Treasury’s announcement of the designations contains this very interesting statement:

“Arms shipments transported by OMMC serve as a key resource for North Korea’s ongoing proliferation activities.  Sales from these shipments contribute to North Korea’s other illicit programs,” said Acting Under Secretary for Terrorism and Financial Intelligence Adam J. Szubin.  “We are working to make it as challenging as possible for North Korea to continue its unlawful behavior by actively targeting anyone or any business that supports these illicit arms transfers.”

I wonder whether Treasury bases this statement on specific financial intelligence about Pyongyang’s innermost financial circulatory system, or on the reasonable assumption that Bureau 39 profits from OMM’s arms shipments, and uses those proceeds to fund proliferation. Again, it’s a reasonable assumption, but why isn’t it equally reasonable to assume the same about the Kaesong Industrial Park? If protecting South Korea from North Korean proliferation was the driving motivation for these resolutions, why is South Korea given a special dispensation to violate the sanctions that Singapore isn’t?

3 Responses

  1. Sorry to be (slightly) off-topic here; but you didn’t enable comments on the “U.N. must confront the political causes of North Korea’s food crisis” article.
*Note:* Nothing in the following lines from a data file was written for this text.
(* Let $\Gamma$ be finite and $\alpha\in V$. The noncommutative formal power series $$P^\alpha-\mu(\alpha)\alpha=\sum_{\substack{n\ge1,\ \epsilon_1\cdots\epsilon_n\text{ a loop in }\vec\Gamma\\ \text{based at }\alpha}}\mathrm{Tr}(X_{\epsilon_1}\cdots X_{\epsilon_n})\,\epsilon_1\cdots\epsilon_n\ \in\ \mathbb C\langle\langle\mathscr X\rangle\rangle$$ is algebraic.
   Context: $\Gamma$ is a finite connected undirected graph (loops, multiple edges allowed), vertex set $V$, weighting $\mu:V\to(0,\infty)$. Directed version $\vec\Gamma$ (edge set $\vec E$): each edge with distinct endpoints $\alpha\ne\beta$ yields $\epsilon,\epsilon^{op}$ with $s(\epsilon)=t(\epsilon^{op})=\alpha$, $t(\epsilon)=s(\epsilon^{op})=\beta$; each loop yields one directed loop $\epsilon=\epsilon^{op}$. $\mathcal C=C_0(V)$, $p_\alpha$ indicator of $\alpha$; $\mathcal X$ the Hilbert $\mathcal C$-$\mathcal C$ bimodule spanned by directed edges with $p_\alpha\epsilon=\delta_{s(\epsilon),\alpha}\epsilon$, $\epsilon p_\alpha=\delta_{t(\epsilon),\alpha}\epsilon$, $\langle\epsilon'|\epsilon\rangle=\delta_{\epsilon,\epsilon'}p_{t(\epsilon)}$; $\mathcal F(\mathcal X)$ its full Fock space with creation operators $\ell(\xi)$. For a loop $e$: $X_e=\ell(\epsilon)+\ell(\epsilon)^*$; for $e$ with endpoints $\alpha\ne\beta$: $a_\epsilon=(\mu(\alpha)/\mu(\beta))^{1/4}$, $X_e=a_\epsilon\ell(\epsilon)+a_\epsilon^{-1}\ell(\epsilon^{op})^*+a_\epsilon^{-1}\ell(\epsilon^{op})+a_\epsilon\ell(\epsilon)^*$; $X_\epsilon=p_{s(\epsilon)}X_ep_{t(\epsilon)}$. $\mathrm{Tr}=\mathrm{tr}\circ E$ with $E(x)=PxP$ ($P$ projection onto $\mathcal C$), $\mathrm{tr}(p_v)=\mu(v)$. A loop based at $\alpha$ is a sequence $\epsilon_1,\dots,\epsilon_n$ with $s(\epsilon_1)=\alpha=t(\epsilon_n)$ and $t(\epsilon_k)=s(\epsilon_{k+1})$. Noncommutative series: $\mathscr X=\vec E\cup V$ is a finite alphabet (letters $\epsilon$ and $\alpha$). For a ring $R$ and alphabet $X$, $R\langle\langle X\rangle\rangle$ is the ring of formal sums $\sum_{w}P_ww$ over words $w$ in $X$ (empty word $\mathbf 1$) with coefficients in $R$, with product $(PQ)_w=\sum_{w=uv}P_uQ_v$; $R\langle X\rangle$ is the subring of finite sums. Given a disjoint alphabet $Z=\{z_1,\dots,z_m\}$, a proper algebraic system is a set of equations $z_i=p_i(X,Z)$ with $p_i\in R\langle X\cup Z\rangle$ having no constant term and no term of the form $c z_j$; a solution is $(P_1,\dots,P_m)\in R\langle\langle X\rangle\rangle^m$ with $(P_i)_{\mathbf 1}=0$ and $P_i=p_i(X,P_1,\dots,P_m)$. $P$ is algebraic if $P-P_{\mathbf 1}\mathbf 1$ is a component of a solution of some proper algebraic system. $P^\alpha$ denotes the series $\mu(\alpha)\alpha+\sum_{\text{loops based at }\alpha}\mathrm{Tr}(X_{\epsilon_1}\cdots X_{\epsilon_n})\epsilon_1\cdots\epsilon_n$. *)

(* Coefficients: C := R[i] with R : realType (a realType is a
   complete archimedean ordered field, i.e. a copy of the reals). *)
From HB Require Import structures.
From mathcomp Require Import all_boot all_order all_algebra.
From mathcomp Require Import complex.
From mathcomp Require Import reals.
Set Implicit Arguments. Unset Strict Implicit. Unset Printing Implicit Defensive.
Import Order.TTheory GRing.Theory Num.Theory.
Local Open Scope ring_scope.

Section NCSeries.
Variables (K : comNzRingType).

Definition ncseries (X : Type) := seq X -> K.

Definition ncone (X : eqType) : ncseries X := fun w => (w == [::])%:R.
Definition ncletter (X : eqType) (x : X) : ncseries X := fun w => (w == [:: x])%:R.

Definition ncmul (X : Type) (P Q : ncseries X) : ncseries X :=
  fun w => \sum_(i < (size w).+1) P (take i w) * Q (drop i w).

(* a noncommutative polynomial in K<Y>: a formal finite linear combination of words *)
Definition ncpoly (Y : Type) := seq (K * seq Y).

Definition ncpoly_coef (Y : eqType) (p : ncpoly Y) (w : seq Y) : K :=
  \sum_(t <- p) (if t.2 == w then t.1 else 0).

Definition nceval_word (X : eqType) (Y : Type) (sub : Y -> ncseries X) (w : seq Y)
  : ncseries X := foldr (fun y acc => ncmul (sub y) acc) (@ncone X) w.

Definition nceval (X : eqType) (Y : Type) (sub : Y -> ncseries X) (p : ncpoly Y)
  : ncseries X := fun u => \sum_(t <- p) t.1 * nceval_word sub t.2 u.

(* Alphabet X u Z with Z = {z_0, ..., z_(m-1)} *)
Definition nc_subst (X : eqType) (m : nat) (Ps : 'I_m -> ncseries X)
  : (X + 'I_m)%type -> ncseries X :=
  fun y => match y with inl x => ncletter x | inr j => Ps j end.

Definition proper_system (X : eqType) (m : nat) (p : 'I_m -> ncpoly (X + 'I_m)) :=
  forall i, ncpoly_coef (p i) [::] = 0 /\ forall j, ncpoly_coef (p i) [:: inr j] = 0.

Definition is_solution (X : eqType) (m : nat) (p : 'I_m -> ncpoly (X + 'I_m))
  (Ps : 'I_m -> ncseries X) :=
  forall i, Ps i [::] = 0 /\ forall w, Ps i w = nceval (nc_subst Ps) (p i) w.

Definition nc_algebraic (X : eqType) (P : ncseries X) :=
  exists (m : nat) (p : 'I_m -> ncpoly (X + 'I_m)) (Ps : 'I_m -> ncseries X) (i : 'I_m),
    [/\ proper_system p, is_solution p Ps &
        forall w, P w - P [::] * ncone w = Ps i w].

End NCSeries.

(* Finite graphs (loops and multiple edges allowed).                    *)
(* An undirected edge e has endpoints {end1 e, end2 e}.                 *)
Record graph := Graph {
  gV : finType;
  gE : finType;
  end1 : gE -> gV;
  end2 : gE -> gV }.

Section Graph.
Variable G : graph.

Definition is_loop (e : gE G) : bool := end1 e == end2 e.

Definition adjacent (u v : gV G) : bool :=
  [exists e : gE G, ((end1 e == u) && (end2 e == v)) || ((end1 e == v) && (end2 e == u))].

Definition connected_graph : Prop := forall u v : gV G, connect adjacent u v.

(* directed edges: a non-loop e gives (e,true) and (e,false); a loop gives (e,true) only *)
Definition dedge := {x : gE G * bool | ~~ is_loop x.1 || x.2}.

Definition dsrc (d : dedge) : gV G :=
  if (val d).2 then end1 (val d).1 else end2 (val d).1.
Definition dtgt (d : dedge) : gV G :=
  if (val d).2 then end2 (val d).1 else end1 (val d).1.

(* epsilon^op (for a loop, epsilon^op = epsilon) *)
Definition dop (d : dedge) : dedge := insubd d ((val d).1, ~~ (val d).2).

Definition dpos (e : gE G) : dedge := Sub (e, true) (orbT _).

Definition loop_at (a : gV G) (s : seq dedge) : bool :=
  match s with
  | [::] => false
  | d :: s' => [&& dsrc d == a,
                   path (fun x y => dtgt x == dsrc y) d s' &
                   dtgt (last d s') == a]
  end.

(* The full Fock space F(X).  X^{(x) n} has the orthogonal basis of      *)
(* composable paths eps_1 (x) ... (x) eps_n, and C = C(V) the basis p_v. *)
(* A basis element is encoded as (a, s): s a path starting at vertex a  *)
(* (s = [::] encodes p_a).  Vectors are coefficient functions.          *)
Variable R : realType.
Local Notation C := (R[i]).

Definition fock := (gV G * seq dedge)%type -> C.
Definition fop := fock -> fock.

Definition vac (v : gV G) : fock := fun x => ((x.1 == v) && (x.2 == [::]))%:R.

(* creation l(eps): (a', s) with a' = t(eps)  |->  (s(eps), eps :: s) *)
Definition creat (d : dedge) : fop := fun f x =>
  match x.2 with
  | e' :: s' => if (e' == d) && (x.1 == dsrc d) then f (dtgt d, s') else 0
  | [::] => 0
  end.

(* annihilation l(eps)^* : (s(eps), eps :: s) |-> (t(eps), s); kills the rest *)
Definition annih (d : dedge) : fop := fun f x =>
  if x.1 == dtgt d then f (dsrc d, d :: x.2) else 0.

Definition projv (v : gV G) : fop := fun f x => if x.1 == v then f x else 0.

Definition fop_add (A B : fop) : fop := fun f x => A f x + B f x.
Definition fop_scale (c : C) (A : fop) : fop := fun f x => c * A f x.

Definition afac (mu : gV G -> R) (d : dedge) : R :=
  Num.sqrt (Num.sqrt (mu (dsrc d) / mu (dtgt d))).

Definition Xedge (mu : gV G -> R) (e : gE G) : fop :=
  let eps := dpos e in
  if is_loop e then fop_add (creat eps) (annih eps)
  else
    let a := (afac mu eps)%:C%C in
    fop_add (fop_add (fop_scale a (creat eps)) (fop_scale a^-1 (annih (dop eps))))
            (fop_add (fop_scale a^-1 (creat (dop eps))) (fop_scale a (annih eps))).

Definition Xd (mu : gV G -> R) (d : dedge) : fop :=
  fun f => projv (dsrc d) (Xedge mu (val d).1 (projv (dtgt d) f)).

Definition Xword (mu : gV G -> R) (s : seq dedge) : fop :=
  foldr (fun d A f => Xd mu d (A f)) id s.

(* Tr = tr o E, E(x) = PxP; for x right C-linear, E(x) = sum_v <p_v, x p_v> p_v *)
Definition Tr (mu : gV G -> R) (A : fop) : C :=
  \sum_(v : gV G) (mu v)%:C%C * A (vac v) (v, [::]).

Definition letter := (dedge + gV G)%type.

Definition get_dedge (l : letter) : option dedge :=
  if l is inl d then Some d else None.

Definition Palpha (mu : gV G -> R) (a : gV G) : ncseries C letter := fun w =>
  (mu a)%:C%C * (w == [:: inr a])%:R +
  (let s := pmap get_dedge w in
   if (w == map inl s) && loop_at a s then Tr mu (Xword mu s) else 0).

End Graph.

From Pilot Require Import Defs.
From HB Require Import structures.
From mathcomp Require Import all_boot all_order all_algebra.
From mathcomp Require Import complex reals.
From mathcomp Require Import ring.
Set Implicit Arguments. Unset Strict Implicit. Unset Printing Implicit Defensive.
Import Order.TTheory GRing.Theory Num.Theory.
Local Open Scope ring_scope.

(* For a loop s at v, Tr(X_s) = mu(v) <p_v, X_s p_v>: the vacuum-to-vacuum coefficient
   M_v(s) of the word.  Applied at the vacuum, X_d can only create the letter d, and the
   word then returns to the vacuum exactly when that letter is annihilated by a later dop d.
   Cutting the word at that point gives the first-return equation for the series
   F_v = 1 + sum_s M_v(s) s:
     F_v = 1 + sum_{s(d) = v} w_d . d F_{t(d)} dop(d) F_v,
   and substituting F_v = 1 + z_v / mu(v) turns it into a proper algebraic system whose
   z_alpha-component is the given series. *)

Section NCSeriesTheory.
Variables (K : comNzRingType) (X : eqType).
Implicit Types (P Q S : ncseries K X) (x y : X) (w : seq X) (c : K).

Local Notation one := (ncone K (X := X)).

Lemma ncmul_ext P P' Q Q' : P =1 P' -> Q =1 Q' -> ncmul P Q =1 ncmul P' Q'.
Proof. by move=> PP' QQ' w; apply: eq_bigr => i _; rewrite PP' QQ'. Qed.

Lemma ncmul1l Q : ncmul one Q =1 Q.
Proof.
case=> [|z w]; rewrite /ncmul big_ord_recl /ncone take0 drop0 eqxx mul1r.
  by rewrite big_ord0 addr0.
by rewrite big1 ?addr0 // => i _; rewrite lift0 mul0r.
Qed.

Lemma ncmul1r P : ncmul P one =1 P.
Proof.
move=> w; rewrite /ncmul big_ord_recr /ncone /= take_size drop_size eqxx mulr1.
rewrite big1 ?add0r // => i _.
by rewrite -size_eq0 size_drop subn_eq0 leqNgt ltn_ord mulr0.
Qed.

Lemma ncmul_letter_nil x Q : ncmul (ncletter K x) Q [::] = 0.
Proof. by rewrite /ncmul big_ord1 /ncletter mul0r. Qed.

Lemma ncmul_letter_cons x Q y w :
  ncmul (ncletter K x) Q (y :: w) = (y == x)%:R * Q w.
Proof.
rewrite /ncmul big_ord_recl big_ord_recl /ncletter /= take0 mul0r add0r.
rewrite eqseq_cons andbT drop0; case: w => [|z w]; first by rewrite big_ord0 addr0.
by rewrite big1 ?addr0 // => i _; rewrite add0n /bump leq0n eqseq_cons andbF mul0r.
Qed.

Lemma ncmulDl P Q S c w :
  ncmul (fun u => P u + c * Q u) S w = ncmul P S w + c * ncmul Q S w.
Proof. by rewrite /ncmul big_distrr -big_split /=; apply: eq_bigr => i _; ring. Qed.

Lemma ncmulDr P Q S c w :
  ncmul P (fun u => Q u + c * S u) w = ncmul P Q w + c * ncmul P S w.
Proof. by rewrite /ncmul big_distrr -big_split /=; apply: eq_bigr => i _; ring. Qed.

Definition ncaffine c P : ncseries K X := fun u => one u + c * P u.

Variable m : nat.
Implicit Types (p : ncpoly K (X + 'I_m)) (ps : seq (ncpoly K (X + 'I_m))).
Implicit Types (k : K) (t j : 'I_m).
    Is it worth pointing out that Zimbabwe’s leader was trained in Pyongyang? That country’s food issues are deliberate. And I believe the North’s are, too. “Shared suffering”, “Stockholm Syndrome”. I don’t know how to address it without a regime change and selfishly I want my friends and relatives in Seoul to live without a war.

  2. BTW, I know I come across as a bit of a troll; but I do greatly respect your website and your thorough analysis. Your questions reveal a lot of truth about the people who are supposed to be keeping us safe. Like (in this case) being afraid of or beholden to the PRC.